Union, FDP, AfD und SPD finden Hungerstrafen gerecht
Matthias Bartke (SPD) befand die Anträge von Linken und Grünen als "lästig" und log - wie üblich: "Gerade einmal drei Prozent der Leistungsberechtigten wurden letztes Jahr sanktioniert." Dass dies nicht stimmt, ist den eigenen Zahlen der BA zu entnehmen. Betroffen waren danach 420.000 Menschen, viele davon mehrfach. Das ist ein Anteil von zehn Prozent an den rund 4,2 Millionen 15- bis 65-jährigen Hartz-IV-Beziehern.
Doch Pascal Kober von der FDP wiederholte die Lüge noch einmal und wetterte: Zu den Grundpfeilern des Staats gehöre Lohnarbeit aus eigener Kraft.
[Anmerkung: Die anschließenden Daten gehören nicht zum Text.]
(* Let $\Gamma$ be a finite group, let $\mathcal{A},\mathcal{A}'$ be additive categories, let $\Gamma$ pseudo-act on $\mathcal{A}'$, and let $f^*:\mathcal{A}\to\mathcal{A}'$ be an additive functor which is $\Gamma$-equivariant for the trivial action on $\mathcal{A}$ (all as explained in the context). (a) If $f^*$ has descent, then $f^*$ is Cartesian and admits a trace structure. (b) Conversely, if $\mathcal{A}$ is pseudo-abelian (idempotent complete) and $\mathbf{Z}[1/|\Gamma|]$-linear, and $f^*$ is Cartesian and admits a trace structure, then $f^*$ has descent.
   Context: A pseudo-action of $\Gamma$ on $\mathcal{A}'$ consists of additive functors $g^*:\mathcal{A}'\to\mathcal{A}'$ ($g\in\Gamma$) and natural isomorphisms $c_{g,h}:h^*g^*\Rightarrow (gh)^*$ satisfying the usual coherence conditions. $\Gamma$-equivariance of $f^*$ means we are given natural isomorphisms $i_g:g^*f^*\Rightarrow f^*$ compatible with the $c_{g,h}$. A descent datum is a pair $(C,(b_g)_{g\in\Gamma})$ with $C\in\mathcal{A}'$ and isomorphisms $b_g:g^*C\to C$ such that $b_h\circ h^*(b_g)=b_{gh}\circ c_{g,h}(C)$ for all $g,h$; a morphism $(C,(b_g))\to(D,(b'_g))$ is a morphism $\phi:C\to D$ with $\phi\circ b_g=b'_g\circ g^*\phi$ for all $g$. These form a category $\mathcal{A}'[\Gamma]$, and $\hat f^*:\mathcal{A}\to\mathcal{A}'[\Gamma]$ sends $A$ to $(f^*A,(i_g(A))_g)$. We say $f^*$ has descent if $\hat f^*$ is an equivalence of categories. Suppose $f^*$ has a right adjoint $f_*$ with unit $\eta$ and counit $\epsilon$. For $C\in\mathcal{A}'$ let $\kappa_C:f^*f_*C\to\bigoplus_{g\in\Gamma}g^*C$ be the morphism whose $g$-component is $g^*(\epsilon_C)\circ i_g(f_*C)^{-1}$. $f^*$ is called Cartesian if $f_*$ exists and $\kappa_C$ is an isomorphism for every $C$. For a descent datum $(C,(b_g))$ put $u_C=(\bigoplus_g b_g)\circ\kappa_C:f^*f_*C\to\bigoplus_{g\in\Gamma}C$; for $C=f^*A$ the descent datum used is $(i_g(A))$. A trace structure on a Cartesian $f^*$ is a natural transformation $\operatorname{tr}:f_*f^*\Rightarrow\operatorname{Id}_{\mathcal{A}}$ such that for every $A\in\mathcal{A}$: (1) $\operatorname{tr}_A\circ\eta_A=|\Gamma|\cdot 1_A$; (2) $f^*(\operatorname{tr}_A)=\Sigma\circ u_{f^*A}$, where $\Sigma:\bigoplus_{g\in\Gamma}f^*A\to f^*A$ is the sum map. *)

From HB Require Import structures.
From mathcomp Require Import all_boot all_order all_algebra all_fingroup.
From Stdlib Require Import ProofIrrelevance.
Set Implicit Arguments. Unset Strict Implicit. Unset Printing Implicit Defensive.
Import GRing.Theory.
Local Open Scope ring_scope.

Record Cat := {
  cobj :> Type;
  chom : cobj -> cobj -> Type;
  cid : forall a, chom a a;
  ccomp : forall a b c, chom b c -> chom a b -> chom a c;
  ccompA : forall a b c d (h : chom c d) (g : chom b c) (f : chom a b),
      ccomp h (ccomp g f) = ccomp (ccomp h g) f;
  ccomp1f : forall a b (f : chom a b), ccomp (cid b) f = f;
  ccompf1 : forall a b (f : chom a b), ccomp f (cid a) = f }.
Arguments cid {c} a : rename.
Arguments ccomp {c a b c0} : rename.
Arguments chom : clear implicits.

Definition is_iso (C : Cat) (a b : C) (f : chom C a b) : Prop :=
  exists g : chom C b a, ccomp g f = cid a /\ ccomp f g = cid b.

Record Functor (C D : Cat) := {
  fobj :> C -> D;
  fmap : forall a b, chom C a b -> chom D (fobj a) (fobj b);
  fmap_id : forall a, fmap (cid a) = cid (fobj a);
  fmap_comp : forall a b c (g : chom C b c) (f : chom C a b),
      fmap (ccomp g f) = ccomp (fmap g) (fmap f) }.
Arguments fmap {C D} F {a b} : rename.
Dann verlangte er mit Nachdruck: "Die Nichterfüllung solidarischer Pflichten muss Konsequenzen haben." Die Wähler-Klientel seiner Partei aus den Kreisen des Großkapitals meinte er damit aber ganz sicher nicht.
Schließlich behauptete Jörg Schneider von der AfD, die Linke habe offenbar "zu viel Distanz zur Realität". Arbeitslose müssten sich - wie jeder andere - den Anforderungen des Arbeitsmarktes unterwerfen, so Schneider. Dies sei "gerecht" meinte er. Außerdem seien Niedriglöhner oft ärmer. Dies ist falsch, da sie dann Anspruch auf aufstockende Leistungen inklusive eines Freibetrags haben. Ohne den Beweis zu erbringen, legte Schneider noch eine Unterstellung drauf: Viele Hartz-IV-Bezieher würden ohnehin "schwarz arbeiten".
Keine Euphorie: Sozialverbände und Kritiker warten ab
Der Tacheles-Vorsitzende Harald Thomé erwartet indes nicht, dass Karlsruhe das rigide Hartz-IV-Instrument kippt. Es sei aber wahrscheinlich, erklärte er, "dass das BVerfG Teile davon für unzulässig erklärt". Er denke da an die Ungleichbehandlung von unter und über 25-Jährigen, aber auch an die Streichung von Wohnkosten und die keiner Berechnungsgrundlage und keiner Verpflichtung unterliegenden Essensgutscheine.
Das anstehende Verfahren eröffnet weiterhin Raum für die damals politisch verantwortlichen Parteien, sich klar vom Hartz-IV-System und der damit verbundenen Sanktionspraxis zu verabschieden", so Thomé
So optimistisch will die frühere Jobcenter-Mitarbeiterin und Hartz-IV-Kritikerin Inge Hannemann nicht sein. "Ich bin da leider nicht euphorisch", sagte sie gegenüber der Autorin, "und vermute, dass sie eher mehr Einzelfall-Prüfungen verlangen." Das bedeute aber auch noch mehr Ermessensspielraum für Sachbearbeiter als jetzt schon. "Und das führt dann wohl, wie schon die Vergangenheit zeigt, zu noch mehr Willkür."
Hannemann beklagte ferner, dass sich die Verfassungsrichter so viel Zeit für dieses brisante Thema gelassen haben. Dies könnte - so meint sie - an der Krise der Großen Koalition liegen. "Möglicherweise warten sie auch jetzt noch ab, ob sie sich bis Januar noch auflöst." In der Tat steht der Termin für die Verhandlung noch nicht hundertprozentig fest, wie BVerfG-Sprecherin Jennifer Pfohl auf Nachfrage der Autorin angab. Man habe die Beteiligten aber wegen des Jahreswechsels vorab über die Möglichkeit einer Verhandlung an diesen Tagen informiert. Deren erneute Anhörung sei nicht beabsichtigt, erklärte sie.